*SUPPLIED RECORDS*:

Lemma tree_walk {V : Type} {E : list (edge V)} {s ts k} {st : bstate V} :
  wf_store E s ts k st -> forall {i r}, nth_error (recs st) i = Some r ->
  exists P, tree_path (recs st) i P /\ length P = rd r /\ twalk E s ts P (rv r) (rt r).
Proof.
  intros Hwf i. induction i as [i IH] using (well_founded_induction lt_wf). intros r Hi.
  destruct (wf_link Hwf Hi) as [[-> ->]|[j rj e Hji _ Hp He Hj HeE Hsrc Htgt Htime Hle Hd]].
  - exists []. repeat split; constructor.
  - destruct (IH j Hji rj Hj) as (P & Htp & Hlen & Hw).
    exists (P ++ [e]). split; [econstructor; eauto|]. split.
    + rewrite length_app, Hlen, Hd. simpl. lia.
    + rewrite <- Htgt, <- Htime. exact (twalk_snoc Hw HeE Hsrc Hle).
Qed.

Lemma walk_reached {V : Type} {E : list (edge V)} {st : bstate V} :
  (forall e, In e E -> forall i r, nth_error (recs st) i = Some r ->
     esrc e = rv r -> rt r <= etime e -> reached st (S (rd r)) (etgt e) (etime e)) ->
  forall {x t P y t' m}, twalk E x t P y t' -> reached st m x t ->
  reached st (m + length P) y t'.
Proof.
  intros Hcover x t P y t' m Hw. revert m.
  induction Hw as [x t|x t e P y t' Hsrc He Hle Hw IH]; intros m Hx.
  - rewrite Nat.add_0_r. exact Hx.
  - destruct Hx as (j & rj & Hj & Hv & Hd & Ht).
    simpl. rewrite <- Nat.add_succ_comm. apply IH.
    apply (reached_weaken (d := S (rd rj)) (t := etime e)); [lia|lra|].
    apply (Hcover e He j); auto; [congruence|lra].
Qed.

Theorem mainTheorem18 (V : Type) (E : list (edge V)) (s : V) (ts : R) :
  (exists lV : list V, forall x, In x lV) ->
  NoDup E ->
  (forall e, In e E -> esrc e <> etgt e) ->
  forall st0 stf : bstate V,
    bfs_init s ts st0 -> bfs_reach E st0 stf -> queue stf = [] ->
    forall v : V, v <> s ->
      (forall (i : nat) (r : brec V),
         nth_error (recs stf) i = Some r -> rv r = v ->
         (forall (j : nat) (r' : brec V),
            nth_error (recs stf) j = Some r' -> rv r' = v -> (rd r <= rd r')%nat) ->
         exists P, tree_path (recs stf) i P /\ shortest_tpath E s v ts P)
      /\
      ((~ exists (i : nat) (r : brec V), nth_error (recs stf) i = Some r /\ rv r = v) ->
       forall P, ~ is_tpath E s v ts P).
Proof.
  intros _ _ _ st0 stf Hinit Hrun Hq v Hvs.
  destruct (reach_inv Hrun 0 (init_inv E Hinit)) as (k & Hinv).
  pose proof (final_explored Hinv Hq) as Hcover.
  assert (Hroot : reached stf 0 s ts).
  { exists O, (root s ts). split; [exact (wf_root (inv_wf Hinv))|]. simpl. repeat split; auto. lra. }
  (* Any temporal path to [v] yields a record of [v] of level at most its
     length (via [walk_reached] from the root). *)
  split.
  - intros i r Hi Hrv Hmin.
    destruct (tree_walk (inv_wf Hinv) Hi) as (P & Htp & Hlen & Hw).
    exists P. split; [exact Htp|]. rewrite Hrv in Hw.
    split.
    + apply (twalk_tpath Hw). intros ->. apply Hvs. exact (twalk_nil_inv Hw).
    + intros P' HP'. destruct (tpath_twalk HP') as (t' & Hw').
      destruct (walk_reached Hcover Hw' Hroot) as (j & rj & Hj & Hv & Hd & _).
      rewrite Hlen. specialize (Hmin _ _ Hj Hv). simpl in Hd. lia.
  - intros Hnone P HP. destruct (tpath_twalk HP) as (t' & Hw).
    destruct (walk_reached Hcover Hw Hroot) as (j & rj & Hj & Hv & _).
    apply Hnone. eauto.
Qed.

*EXERCISE REQUIREMENTS*: Return the line where "- destruct Hx" appears, then every line after it to the end of the listing, all exactly as written.

*SOLUTION FOR THIS EXERCISE*:
  - destruct Hx as (j & rj & Hj & Hv & Hd & Ht).
    simpl. rewrite <- Nat.add_succ_comm. apply IH.
    apply (reached_weaken (d := S (rd rj)) (t := etime e)); [lia|lra|].
    apply (Hcover e He j); auto; [congruence|lra].
Qed.

Theorem mainTheorem18 (V : Type) (E : list (edge V)) (s : V) (ts : R) :
  (exists lV : list V, forall x, In x lV) ->
  NoDup E ->
  (forall e, In e E -> esrc e <> etgt e) ->
  forall st0 stf : bstate V,
    bfs_init s ts st0 -> bfs_reach E st0 stf -> queue stf = [] ->
    forall v : V, v <> s ->
      (forall (i : nat) (r : brec V),
         nth_error (recs stf) i = Some r -> rv r = v ->
         (forall (j : nat) (r' : brec V),
            nth_error (recs stf) j = Some r' -> rv r' = v -> (rd r <= rd r')%nat) ->
         exists P, tree_path (recs stf) i P /\ shortest_tpath E s v ts P)
      /\
      ((~ exists (i : nat) (r : brec V), nth_error (recs stf) i = Some r /\ rv r = v) ->
       forall P, ~ is_tpath E s v ts P).
Proof.
  intros _ _ _ st0 stf Hinit Hrun Hq v Hvs.
  destruct (reach_inv Hrun 0 (init_inv E Hinit)) as (k & Hinv).
  pose proof (final_explored Hinv Hq) as Hcover.
  assert (Hroot : reached stf 0 s ts).
  { exists O, (root s ts). split; [exact (wf_root (inv_wf Hinv))|]. simpl. repeat split; auto. lra. }
  (* Any temporal path to [v] yields a record of [v] of level at most its
     length (via [walk_reached] from the root). *)
  split.
  - intros i r Hi Hrv Hmin.
    destruct (tree_walk (inv_wf Hinv) Hi) as (P & Htp & Hlen & Hw).
    exists P. split; [exact Htp|]. rewrite Hrv in Hw.
    split.
    + apply (twalk_tpath Hw). intros ->. apply Hvs. exact (twalk_nil_inv Hw).
    + intros P' HP'. destruct (tpath_twalk HP') as (t' & Hw').
      destruct (walk_reached Hcover Hw' Hroot) as (j & rj & Hj & Hv & Hd & _).
      rewrite Hlen. specialize (Hmin _ _ Hj Hv). simpl in Hd. lia.
  - intros Hnone P HP. destruct (tpath_twalk HP) as (t' & Hw).
    destruct (walk_reached Hcover Hw Hroot) as (j & rj & Hj & Hv & _).
    apply Hnone. eauto.
Qed.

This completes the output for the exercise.